Travels, Travails and Terrors of Northern California from an Off Grid, Green Perspective
Saturday, April 4, 2015
My First World Hospitalization
It has been about 48 years since I was last admitted to a hospital. Back then, in 1967, hospitals had "Wards". I was just a kid, in the hospital to have my tonsils out. A common practice back then---and since I never have sore throats, perhaps not a bad practice. I know in these days where anything natural is worshipped and Turmeric is the new Ibuprofen (except you don't really know what is in the Turmeric because of the lack of standards; one study showed a high percentage of mouse shit in Turmeric pills sold as a supplement).
I digress.
The last time I was a patient in a hospital, I was placed overnight in a children's ward. There must have been five or six kids in that room. I remember lying in the bed, looking across what seemed like a massive expanse of a room, really almost like a gymnasium---looking at the back of a television set of the kid across the room from me. I guess hospitals wanted to make money back then too, so your parents could rent you a TV to watch while you recovered from your ailment. I remember feeling sorry for myself that my parents were too poor to rent me a TV and I so desperately wanted to see what the rich-kid-who-must-have-been-loved-a-whole-lot-more-than-me, was watching.
That room way back then was utilitarian. If you think about it, the nurse working that unit didn't have to walk 15,000 steps in a shift to take care of us. We were all right there.
Fast forward 48 years. I am driving on a lonely two lane highway between Chico and Corning. As has happened three times in the last ten months, I heard a rush in my ears. Then, slowly, like a tilt-a-whirl just starting to spin, the world starts to revolve.
"Ah, Shit", I think to myself---because I know in about a minute this Tilt-a-Whirl will be going fast. I know I won't be able to walk. Driving is out of the question. I know that all I will be able to do is lie down and close my eyes.

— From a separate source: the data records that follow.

Lemma slope_le_lipnorm (f : T -> Y) (p q : T) : is_lipschitz f -> p <> q ->
  `|f p - f q| / d p q <= lipnorm d f.
Proof.
case=> L hL pq; apply: sup_upper_bound; last by exists p, q.
split; first by exists (`|f p - f q| / d p q), p, q.
by exists L => _ [x [z [xz ->]]]; rewrite ler_pdivrMr ?d_gt0.
Qed.

Lemma lipnorm_ge0 (f : T -> Y) : is_lipschitz f -> 0 <= lipnorm d f.
Proof.
move=> hf; case: two_points => p [q pq].
by apply: le_trans (slope_le_lipnorm hf pq); rewrite divr_ge0.
Qed.

Lemma lipnorm_bound (f : T -> Y) : is_lipschitz f ->
  forall p q, `|f p - f q| <= lipnorm d f * d p q.
Proof.
move=> hf p q; have [->|pq] := pselect (p = q).
  by rewrite subrr normr0 mulr_ge0 ?lipnorm_ge0.
by rewrite -ler_pdivrMr ?d_gt0 ?slope_le_lipnorm.
Qed.

Lemma lipnorm_boundZ (f : T -> Y) (s : RR) : 0 <= s -> is_lipschitz f ->
  forall p q, `|s *: f p - s *: f q| <= s * lipnorm d f * d p q.
Proof.
move=> s_ge0 hf p q; rewrite -scalerBr normrZ ger0_norm // -mulrA.
by apply: ler_wpM2l => //; apply: lipnorm_bound.
Qed.

Lemma norm_diff_quot_bound (f : T -> Y) (p q : T) (c : RR) : p <> q ->
  `|f p - f q| <= c * d p q -> `|diff_quot f p q| <= c.
Proof. by move=> pq hc; rewrite normrZ normfV ger0_norm // mulrC ler_pdivrMr ?d_gt0. Qed.

Lemma norm_diff_quot_le (f : T -> Y) (p q : T) : is_lipschitz f -> p <> q ->
  `|diff_quot f p q| <= lipnorm d f.
Proof. by move=> hf pq; apply: norm_diff_quot_bound => //; apply: lipnorm_bound. Qed.

Lemma diff_quotC (f : T -> Y) (p q : T) : d p q = d q p ->
  diff_quot f q p = - diff_quot f p q.
Proof. by move=> dC; rewrite /diff_quot dC -scalerN opprB. Qed.

Lemma diff_subr (f g : T -> Y) (p q : T) :
  (f - g) p - (f - g) q = (f p - f q) - (g p - g q).
Proof. by rewrite /= !opprD addrACA. Qed.

Lemma lipschitzB (f g : T -> Y) : is_lipschitz f -> is_lipschitz g ->
  is_lipschitz (f - g).
Proof.
move=> hf hg; exists (lipnorm d f + lipnorm d g) => p q.
rewrite diff_subr mulrDl; apply: le_trans (ler_normB _ _) _.
by apply: lerD; apply: lipnorm_bound.
Qed.

Lemma lipnorm_triangle (f g : T -> Y) : is_lipschitz f -> is_lipschitz g ->
  lipnorm d f <= lipnorm d g + lipnorm d (f - g).
Proof.
move=> hf hg; apply: lipnorm_le => p q.
have -> : f p - f q = (g p - g q) + ((f - g) p - (f - g) q).
  by rewrite diff_subr [RHS]addrC subrK.
rewrite mulrDl; apply: le_trans (ler_normD _ _) _.
by apply: lerD; apply: lipnorm_bound => //; apply: lipschitzB.
Qed.

Lemma lipnorm_ge_limit (f : T -> Y) (p q : nat -> T) (y : Y) :
  is_lipschitz f -> (forall n, p n <> q n) ->
  (fun n => diff_quot f (p n) (q n)) @ \oo --> y -> `|y| <= lipnorm d f.
Proof.
move=> hf pq /cvg_norm lim_norm.
apply: (closed_cvg [set r | r <= lipnorm d f] (@closed_le _ _) _ _ lim_norm).
by apply: nearW => n; apply: norm_diff_quot_le.
Qed.

Lemma NA_approx_small (t0 : T) (f : T -> Y) (eps : RR) : lipnorm d f < eps ->
  exists g, NA d t0 g /\ lipnorm d (f - g) < eps.
Proof.
move=> small; exists (fun=> 0); rewrite subr0; split => //.
have zero_lip : is_lipschitz (fun=> 0 : Y).
  by exists 0 => p q; rewrite subrr normr0 mul0r.
split => //; exists 0; case: two_points => p [q pq].
exists (fun=> p), (fun=> q); split => //; split.
  by rewrite subrr scaler0; apply: cvg_cst.
rewrite normr0; apply/le_anti; rewrite lipnorm_ge0 //=.
by apply: lipnorm_le => x z; rewrite subrr normr0 mul0r.
Qed.

End Lipschitz.

Section Contraction.
Variables (T1 T2 : Type) (d1 : T1 -> T1 -> RR) (d2 : T2 -> T2 -> RR).
Variables (Y : normedModType RR) (phi : T1 -> T2).
Hypothesis d2_nontrivial : nontrivial_dist d2.
Hypothesis phi_contraction : forall x z, d2 (phi x) (phi z) <= d1 x z.

Lemma lipnorm_bound_comp (f : T2 -> Y) : is_lipschitz d2 f ->
  forall x z, `|f (phi x) - f (phi z)| <= lipnorm d2 f * d1 x z.
Proof.
move=> hf x z; apply: le_trans (lipnorm_bound d2_nontrivial hf _ _) _.
by apply: ler_wpM2l; [apply: lipnorm_ge0 | apply: phi_contraction].
Qed.

Lemma lipschitz_comp (f : T2 -> Y) : is_lipschitz d2 f ->
  is_lipschitz d1 (fun x => f (phi x)).
Proof. by move=> hf; exists (lipnorm d2 f); apply: lipnorm_bound_comp. Qed.

Hypothesis d1_nontrivial : nontrivial_dist d1.

Lemma lipnorm_comp_le (f : T2 -> Y) : is_lipschitz d2 f ->
  lipnorm d1 (fun x => f (phi x)) <= lipnorm d2 f.
Proof. by move=> hf; apply: lipnorm_le => //; apply: lipnorm_bound_comp. Qed.

End Contraction.

Lemma norm_convex_comb_subr_le (Y : normedModType RR) (u v : Y) (t N e : RR) :
  0 <= t -> t <= 1 -> e < N -> `|u| <= N -> `|v| <= e ->
  `|((1 - t) *: u + t *: v) - u| <= (N + e) / (N - e) * (N - `|(1 - t) *: u + t *: v|).
Proof.
(* w - u = t (v - u) has norm at most t (N + e), while |w| <= N - t (N - e). *)
move=> t_ge0 t_le1 e_lt_N u_le v_le.
have e_ge0 : 0 <= e := le_trans (normr_ge0 v) v_le.
have -> : (1 - t) *: u + t *: v - u = t *: (v - u).
  by rewrite scalerBl scale1r scalerBr addrAC [X in X + _]addrAC subrr add0r addrC.
set w := (1 - t) *: u + t *: v.
have w_le : `|w| <= N - t * (N - e).
  apply: le_trans (ler_normD _ _) _; rewrite !normrZ !ger0_norm ?subr_ge0 //.
  have : (1 - t) * `|u| <= (1 - t) * N by apply: ler_wpM2l; rewrite ?subr_ge0.
  have : t * `|v| <= t * e by apply: ler_wpM2l.
  lra.
have vu_le : `|v - u| <= N + e.
  by apply: le_trans (ler_normB _ _) _; rewrite addrC; apply: lerD.
have Ne_gt0 : 0 < N - e by rewrite subr_gt0.
rewrite normrZ ger0_norm //.
apply: le_trans (_ : t * (N + e) <= _); first exact: ler_wpM2l.
have Ne_ge0 : 0 <= N + e by lra.
rewrite mulrAC ler_pdivlMr //; nra.
Qed.

Lemma cvg_of_norm_defect (Y : normedModType RR) (u v : nat -> Y) (y : Y) (C : RR) :
  0 <= C -> u @ \oo --> y -> (forall n, `|u n - v n| <= C * (`|y| - `|u n|)) ->
  v @ \oo --> y.
Proof.
move=> C_ge0 /cvgrPdist_lt u_y uv; apply/cvgrPdist_lt => eps eps_gt0.
have : 0 < eps / (1 + C) by rewrite divr_gt0 // ltr_wpDr.
move=> /u_y; apply: filterS => n yu_lt.
have defect : `|u n - v n| <= C * `|y - u n|.
  by apply: le_trans (uv n) _; apply: ler_wpM2l => //; apply: lerB_dist.
have : `|y - u n| * (1 + C) < eps by rewrite -ltr_pdivlMr // ltr_wpDr.
by move: (ler_distD (u n) y (v n)); lra.
Qed.

Section MetricSum.
Variables (I : Type) (M : I -> Type) (d : forall i, M i -> M i -> RR).
Variable base : forall i, M i.
Hypothesis d_metric : forall i, is_metric (@d i).
Hypothesis I_inhabited : inhabited I.

Local Notation S := (Defs.msum base).
Local Notation D := (msum_dist d base).

Lemma d_ge0 i (x z : M i) : 0 <= d x z.
Proof. by have [] := d_metric i. Qed.

Lemma d_xx i (x : M i) : d x x = 0.
Proof. by have [_ [d0 _]] := d_metric i; apply/d0. Qed.

Lemma d_gt0 i (x z : M i) : x <> z -> 0 < d x z.
Proof.
have [_ [d0 _]] := d_metric i.
by move=> xz; rewrite lt0r d_ge0 andbT; apply/eqP => /d0.
Qed.

Lemma d_sym i (x z : M i) : d x z = d z x.
Proof. by have [_ [_ []]] := d_metric i. Qed.

Lemma d_triangle i (x y z : M i) : d x z <= d x y + d y z.
Proof. by have [_ [_ [_ ]]] := d_metric i. Qed.

Definition msum_inj i (x : M i) : S :=
  match pselect (x = base i) with
  | left _ => None
  | right nx => Some (exist (fun z : {i : I & M i} => projT2 z <> base (projT1 z))
                           (existT M i x) nx)
  end.

Definition msum_proj i (p : S) : M i :=
  match p with
  | None => base i
  | Some s => match pselect (projT1 (sval s) = i) with
              | left e => eq_rect _ M (projT2 (sval s)) i e
              | right _ => base i
              end
  end.

Definition in_summand i (p : S) : Prop :=
  if p is Some s then projT1 (sval s) = i else True.

Lemma msum_injK i : cancel (@msum_inj i) (msum_proj i).
Proof.
move=> x; rewrite /msum_inj; case: pselect => [->//|nx] /=.
by case: pselect => [e|/(_ erefl)//]; rewrite (Prop_irrelevance e erefl).
Qed.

And so I have about a minute to find a place to safely get off the road and park. I do so. I find a nice little, lonely place to pull off the road about half a mile from the Strip Joint that is just outside of Chico.
The world starts to spin. Fast. Really bad.
I call my client and cancel. I call Joni. "Should I come get you?" she says.
"Probably would be a good idea", I say.
The car is too uncomfortable to sit and spin in. Too much clutter in the car to get comfortable. I've got file boxes and lots of books; trash from the last 30 days of takeout food I've consumed. I have nursing papers and stethoscopes, more papers and more books that I've been meaning to return to the library. There's extra clothes in that car. Shoes. Backpacks. Bottles to be recycled. I can't get comfortable; too much junk. I wander outside and find that the best, most comfortable position, is to sprawl myself across the hood of the car. It is 6:00 pm on a very busy highway. This section of road is ripping with commuters during rush hour. Nobody stops to see why this guy is sprawled out on the hood of his car.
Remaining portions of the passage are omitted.